= S11D =

Iron ore mine in Brazil

S11D, or Serra Sul, is an iron ore mining project undertaken by Vale in Serra dos Carajás, Brazil. It is the largest iron ore mine project in the world, at 90 million tonnes per year.

==Project==
The project is a $19.5 billion investment, which is key to Vale's future. Production began in December 2016, and the first ore was loaded on ships in January 2017. Production will reach 90 million tonnes of iron ore by 2018, but the transport infrastructure built as part of the S11D project will also support 230 Mt/y of production from other mines to the northeast near Carajas.

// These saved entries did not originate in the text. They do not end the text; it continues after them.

(* Let $\alpha\ge 2$ be a real number, and let $Q_n=\widehat{P}_n/P_n$ (for $n\ge1$) be as defined in the context. Then the sequence $(Q_n)$ converges to some real number $r_1>1$, and it oscillates around this limit: there are arbitrarily large integers $n$ with $Q_n>r_1$, and arbitrarily large integers $n$ with $Q_n<r_1$.
   Context: For a real number $\alpha\ge 1$, define the integer sequence $(P_i)_{i\ge 0}=(P^\alpha_i)$ by $P_0=0$, $P_1=1$, and for $k\ge 1$, $P_{k+1}=P_k+P_j$, where $j\ge 1$ is the unique index with $\alpha P_{j-1}<P_k\le \alpha P_j$. For $i\ge 1$, the window of $P_i$ is $W_\alpha(P_i)=\{P_j : \alpha P_{i-1}<P_j\le \alpha P_i\}$. Let $\widehat{P}_i$ be the smallest term of the sequence $(P_m)$ that is greater than $\max W_\alpha(P_i)$ (equivalently $\widehat P_i=P_{j+1}$ where $P_j=\max W_\alpha(P_i)$), and set $Q_i=\widehat{P}_i/P_i$. *)

From HB Require Import structures.
From mathcomp Require Import all_boot all_order all_algebra.
From mathcomp Require Import all_classical all_reals all_analysis.
Set Implicit Arguments. Unset Strict Implicit. Unset Printing Implicit Defensive.
Import Order.TTheory GRing.Theory Num.Theory.
Local Open Scope ring_scope.
Local Open Scope classical_set_scope.

Section PSequence.
Variables (R : realType) (alpha : R).

(* Given s = [:: P_0; ...; P_k] (k >= 1), compute P_{k+1} = P_k + P_j where
   j >= 1 is the (unique) index with alpha * P_{j-1} < P_k <= alpha * P_j.
   Such a j necessarily satisfies j <= k, so we search j among 1..k. *)
Definition next_term (s : seq nat) : nat :=
  let k := (size s).-1 in
  let pk := nth 0%N s k in
  let ok (j : nat) := (alpha * (nth 0%N s j.-1)%:R < pk%:R)
                      && (pk%:R <= alpha * (nth 0%N s j)%:R) in
  let j := nth 0%N (iota 1 k) (find ok (iota 1 k)) in
  (pk + nth 0%N s j)%N.

(* Plist n = [:: P_0; P_1; ...; P_(n+1)] *)
Fixpoint Plist (n : nat) : seq nat :=
  match n with
  | 0 => [:: 0%N; 1%N]
  | n'.+1 => let s := Plist n' in rcons s (next_term s)
  end.

Definition P (n : nat) : nat := nth 0%N (Plist n) n.

Definition in_window (i j : nat) : bool :=
  (alpha * (P i.-1)%:R < (P j)%:R) && ((P j)%:R <= alpha * (P i)%:R).

Definition maxW (i : nat) : nat :=
  xget 0%N [set m | (exists j, in_window i j /\ m = P j)
                    /\ forall j, in_window i j -> (P j <= m)%N].

Definition Phat (i : nat) : nat :=
  xget 0%N [set h | (exists m, h = P m) /\ (maxW i < h)%N
                    /\ forall m, (maxW i < P m)%N -> (h <= P m)%N].

Definition Q (i : nat) : R := (Phat i)%:R / (P i)%:R.

End PSequence.

From HB Require Import structures.
From mathcomp Require Import all_boot all_order all_algebra.
From mathcomp Require Import all_classical all_reals all_analysis.
From mathcomp Require Import ring lra zify.
Import Order.TTheory GRing.Theory Num.Theory numFieldNormedType.Exports.
Set Implicit Arguments. Unset Strict Implicit.
Local Open Scope classical_set_scope.
Local Open Scope ring_scope.

(** Let [window_of k] be the index [j] with [P_k] in the window of [P_j], so that
   [P_(k+1) = P_k + P_j].  Windows are disjoint consecutive intervals, hence
   [window_of] is nondecreasing with increments at most one, and the lag
   [k - window_of k] is nondecreasing and bounded by [alpha^2]; for [alpha >= 2]
   it is eventually a constant [m >= 1].  From then on
   [P_(n+m+1) = P_(n+m) + P_n], the window of [P_i] is [{P_(i+m)}] and
   [Q_i = P_(i+m+1) / P_i].

   Let [1 < x < 2] solve [x^(m+1) = x^m + 1].  Then [a_n = P_n / x^n] satisfies
   [a_(n+m+1) = a_(n+m) / x + (1 - 1/x) a_n]: every new term is a convex
   combination of earlier ones, so the range of [m+1] consecutive terms shrinks
   geometrically and [a] converges to a positive limit; hence
   [Q_i = x^(m+1) a_(i+m+1) / a_i] tends to [r1 = x^(m+1)].  If [Q_i <= r1] for
   all large [i], the nonnegative differences [a_i - a_(i+m+1)] obey the same
   recurrence and tend to [0], which forces them to vanish; so [a] is eventually
   constant, i.e. [P_(n+1) = x P_n], which is impossible for integers since the
   iterated differences [(x-1)^k P_n] would be positive integers tending to [0].
   The case [Q_i >= r1] is symmetric. *)

Lemma nondecreasing_bounded_eventually_const (f : nat -> nat) (B : nat) :
  {homo f : i j / (i <= j)%N} -> (forall n, (f n <= B)%N) ->
  exists N, forall n, (N <= n)%N -> f n = f N.
Proof.
move=> f_homo f_le; pose attained v := `[< exists n, f n = v >].
have ex_v : exists v, attained v by exists (f 0%N); apply/asboolP; exists 0%N.
have ub_v v : attained v -> (v <= B)%N by move=> /asboolP[n <-].
case: (ex_maxnP ex_v ub_v) => _ /asboolP[N <-] f_max.
exists N => n le_Nn; apply/anti_leq/andP; split; last exact: f_homo.
by apply: f_max; apply/asboolP; exists n.
Qed.

Lemma exists_expr_lt (R : realType) (y e : R) :
  0 <= y < 1 -> 0 < e -> exists q, y ^+ q < e.
Proof.
case/andP=> y_ge0 y_lt1 e_gt0; have y_norm : `|y| < 1 by rewrite ger0_norm.
by have [N _ lt_e] := cvgr_lt _ (cvg_expr y_norm) _ e_gt0; exists N; apply: lt_e => /=.
Qed.

Lemma window_bounded (R : realDomainType) (b : nat -> R) k m :
  exists l h, forall t, (t <= m)%N -> l <= b (k + t)%N <= h.
Proof.
elim: m => [|m [l [h lbh]]].
  by exists (b k), (b k); case=> // _; rewrite addn0 lexx.
exists (Num.min l (b (k + m.+1)%N)), (Num.max h (b (k + m.+1)%N)) => t.
rewrite leq_eqVlt => /orP[/eqP->|/lbh/andP[lb hb]].
  by rewrite ge_min le_max !lexx !orbT.
by rewrite ge_min le_max lb hb.
Qed.

Section Averaging.
Variables (R : realType) (m n0 : nat) (w : R).
Hypotheses (w_gt0 : 0 < w) (w_lt1 : w < 1).

Let one_sub_w_gt0 : 0 < 1 - w. Proof. by rewrite subr_gt0. Qed.

Definition averaging (b : nat -> R) :=
  forall n, (n0 <= n)%N -> b (n + m)%N.+1 = w * b (n + m)%N + (1 - w) * b n.

Lemma averagingN b : averaging b -> averaging (fun n => - b n).
Proof. by move=> avg_b n le_n; rewrite avg_b //; ring. Qed.

Lemma averaging_ge b k l : averaging b -> (n0 <= k)%N ->
  (forall t, (t <= m)%N -> l <= b (k + t)%N) -> forall j, (k <= j)%N -> l <= b j.
Proof.
move=> avg_b le_k lb_win; suff lb q t : (t <= m)%N -> l <= b (k + q + t)%N.
  by move=> j /subnKC<-; have := lb (j - k)%N 0%N (leq0n m); rewrite addn0.
elim: q t => [|q IHq] t le_tm; first by rewrite addn0 lb_win.
have [lt_tm|ge_tm] := ltnP t m; first by rewrite addnS addSnnS IHq.
have -> : (k + q.+1 + t = (k + q + m).+1)%N by lia.
rewrite avg_b; last by rewrite (leq_trans le_k) ?leq_addr.
have := IHq m (leqnn m); have := IHq 0%N (leq0n m); rewrite addn0 => lb0 lbm.
have := ler_wpM2l (ltW w_gt0) lbm; have := ler_wpM2l (ltW one_sub_w_gt0) lb0; lra.
Qed.

Lemma averaging_le b k h : averaging b -> (n0 <= k)%N ->
  (forall t, (t <= m)%N -> b (k + t)%N <= h) -> forall j, (k <= j)%N -> b j <= h.
Proof.
move=> /averagingN avg_nb le_k ub_win j le_j; rewrite -lerN2.
by apply: (averaging_ge avg_nb le_k) => // t /ub_win; rewrite lerN2.
Qed.

Lemma averaging_gap b k l s t : averaging b -> (n0 <= k)%N ->
  (forall j, (k <= j)%N -> l <= b j) -> (k + m <= s)%N ->
  w ^+ t * (b s - l) <= b (s + t)%N - l.
Proof.
move=> avg_b le_k lb le_s; elim: t => [|t IHt]; first by rewrite expr0 mul1r addn0.
have -> : (s + t.+1 = (s + t - m + m).+1)%N by lia.
rewrite avg_b; last by lia.
rewrite subnK; last by lia.
have := ler_wpM2l (ltW w_gt0) IHt.
have : 0 <= (1 - w) * (b (s + t - m)%N - l) by rewrite mulr_ge0 ?subr_ge0 ?lb ?ltW //; lia.
by rewrite exprS -mulrA; lra.
Qed.

Lemma averaging_contract b k l h : averaging b -> (n0 <= k)%N ->
  (forall t, (t <= m)%N -> l <= b (k + t)%N <= h) ->
  exists l' h', h' - l' = (1 - w ^+ m.+1) * (h - l) /\
    forall t, (t <= m)%N -> l' <= b (k + m.+1 + t)%N <= h'.
Proof.
move=> avg_b le_k win.
have lb j : (k <= j)%N -> l <= b j by apply: averaging_ge => // t /win/andP[].
have ub j : (k <= j)%N -> - h <= - b j.
  by rewrite lerN2; apply: averaging_le => // t /win/andP[].
have /andP[lb_B ub_B] := win m (leqnn m).
exists (l + w ^+ m.+1 * (b (k + m)%N - l)), (h - w ^+ m.+1 * (h - b (k + m)%N)).
split=> [|t le_t]; first by ring.
have le_w : w ^+ m.+1 <= w ^+ t.+1 by rewrite ler_wiXn2l ?ltW.
rewrite (_ : k + m.+1 + t = (k + m + t).+1)%N; last by lia.
have := averaging_gap t.+1 avg_b le_k lb (leqnn _).
have := averaging_gap t.+1 (averagingN avg_b) le_k ub (leqnn _).
rewrite -subr_ge0 in lb_B; rewrite -subr_ge0 in ub_B.
have := ler_wpM2r lb_B le_w; have := ler_wpM2r ub_B le_w.
by rewrite !addnS => *; apply/andP; split; lra.
Qed.

Lemma averaging_cvg b : averaging b -> cvgn b.
Proof.
move=> avg_b.
have d_ge0 : 0 <= 1 - w ^+ m.+1 by rewrite subr_ge0 exprn_ile1 // ltW.
have d_lt1 : 1 - w ^+ m.+1 < 1 by rewrite ltrBlDr ltrDl exprn_gt0.
have [l0 [h0 win0]] := window_bounded b n0 m.
have nested q : exists l h, h - l = (1 - w ^+ m.+1) ^+ q * (h0 - l0) /\
    forall t, (t <= m)%N -> l <= b (n0 + q * m.+1 + t)%N <= h.
  elim: q => [|q [l [h [width win]]]].
    by exists l0, h0; rewrite expr0 mul1r mul0n addn0.
  have [l' [h' [width' win']]] := averaging_contract avg_b (leq_addr _ _) win.
  exists l', h'; split; first by rewrite width' width mulrA -exprS.
  by move=> t /win'; rewrite mulSnr addnA.
have /andP[l0_b h0_b] := win0 0%N (leq0n m); rewrite -subr_ge0 in h0_b.
have lh_gt0 : 0 < h0 - l0 + 1 by lra.
apply/cauchy_cvgP/cauchy_exP => e e_gt0.
have [q d_small] : exists q, (1 - w ^+ m.+1) ^+ q < e / (h0 - l0 + 1).
  by apply: exists_expr_lt; rewrite ?d_ge0 ?d_lt1 ?divr_gt0.
have [l [h [width win]]] := nested q.
exists l, (n0 + q * m.+1)%N => // n /= le_n.
have lb : l <= b n by apply: averaging_ge avg_b (leq_addr _ _) _ _ le_n => t /win/andP[].
have ub : b n <= h by apply: averaging_le avg_b (leq_addr _ _) _ _ le_n => t /win/andP[].
have Dq_ge0 := exprn_ge0 q d_ge0; rewrite ltr_pdivlMr // in d_small.
by rewrite -ball_normE /= distrC ger0_norm ?subr_ge0 //; lra.
Qed.

(* A positive value [b j] keeps the whole next window above [w^m b j], and hence all later terms. *)
Lemma averaging_eventually_zero b N : averaging b ->
  (forall n, (N <= n)%N -> 0 <= b n) -> b @ \oo --> 0 ->
  exists K, forall n, (K <= n)%N -> b n = 0.
Proof.
move=> avg_b b_ge0 b_cvg0; set k := maxn N n0.
have lb j : (k <= j)%N -> 0 <= b j.
  by move=> le_j; apply/b_ge0/(leq_trans (leq_maxl N n0) le_j).
exists (k + m)%N => j le_j; apply/eqP; apply: contraT => b_neq0.
have b_gt0 : 0 < b j by rewrite lt0r b_neq0 lb // (leq_trans (leq_addr m k)).
have beta_gt0 : 0 < w ^+ m * b j by rewrite mulr_gt0 ?exprn_gt0.
have win t : (t <= m)%N -> w ^+ m * b j <= b (j + t)%N.
  move=> le_t; have := averaging_gap t avg_b (leq_maxr N n0) lb le_j.
  by rewrite !subr0; apply: le_trans; rewrite ler_pM2r // ler_wiXn2l ?ltW.
have le_n0j : (n0 <= j)%N by rewrite (leq_trans (leq_maxr N n0)) // (leq_trans (leq_addr m k)).
have beta_le := averaging_ge avg_b le_n0j win.
have [K _ lt_beta] := cvgr_lt _ b_cvg0 _ beta_gt0.
have := lt_beta (maxn K j) (leq_maxl _ _); have := beta_le (maxn K j) (leq_maxr _ _).
by move=> /le_lt_trans/[apply]; rewrite ltxx.
Qed.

S11D will use truckless mining; shovels and mobile crushers will work at the mine face and feed directly onto conveyor belts, which take the ore to processing facilities. This lowers environmental impact and also mitigates the difficulty of finding many skilled staff in a remote area. Iron ore will be transported by rail to the Ponta da Madeira port terminal, which is being expanded to handle a very large increase in iron ore shipments. 504 km of new railway is being built, along with upgrades to 226 km of rail already serving the Carajas mines. It is one of the world's largest mines.

==Location==
The mine is located in the mining concession area of the Carajás National Forest, accessible via road from Canaã dos Carajás in the Pará region of Brazil. The site has one of the world's richest ore bodies, with over 4 billion tonnes of reserves and ferrous content around 67%.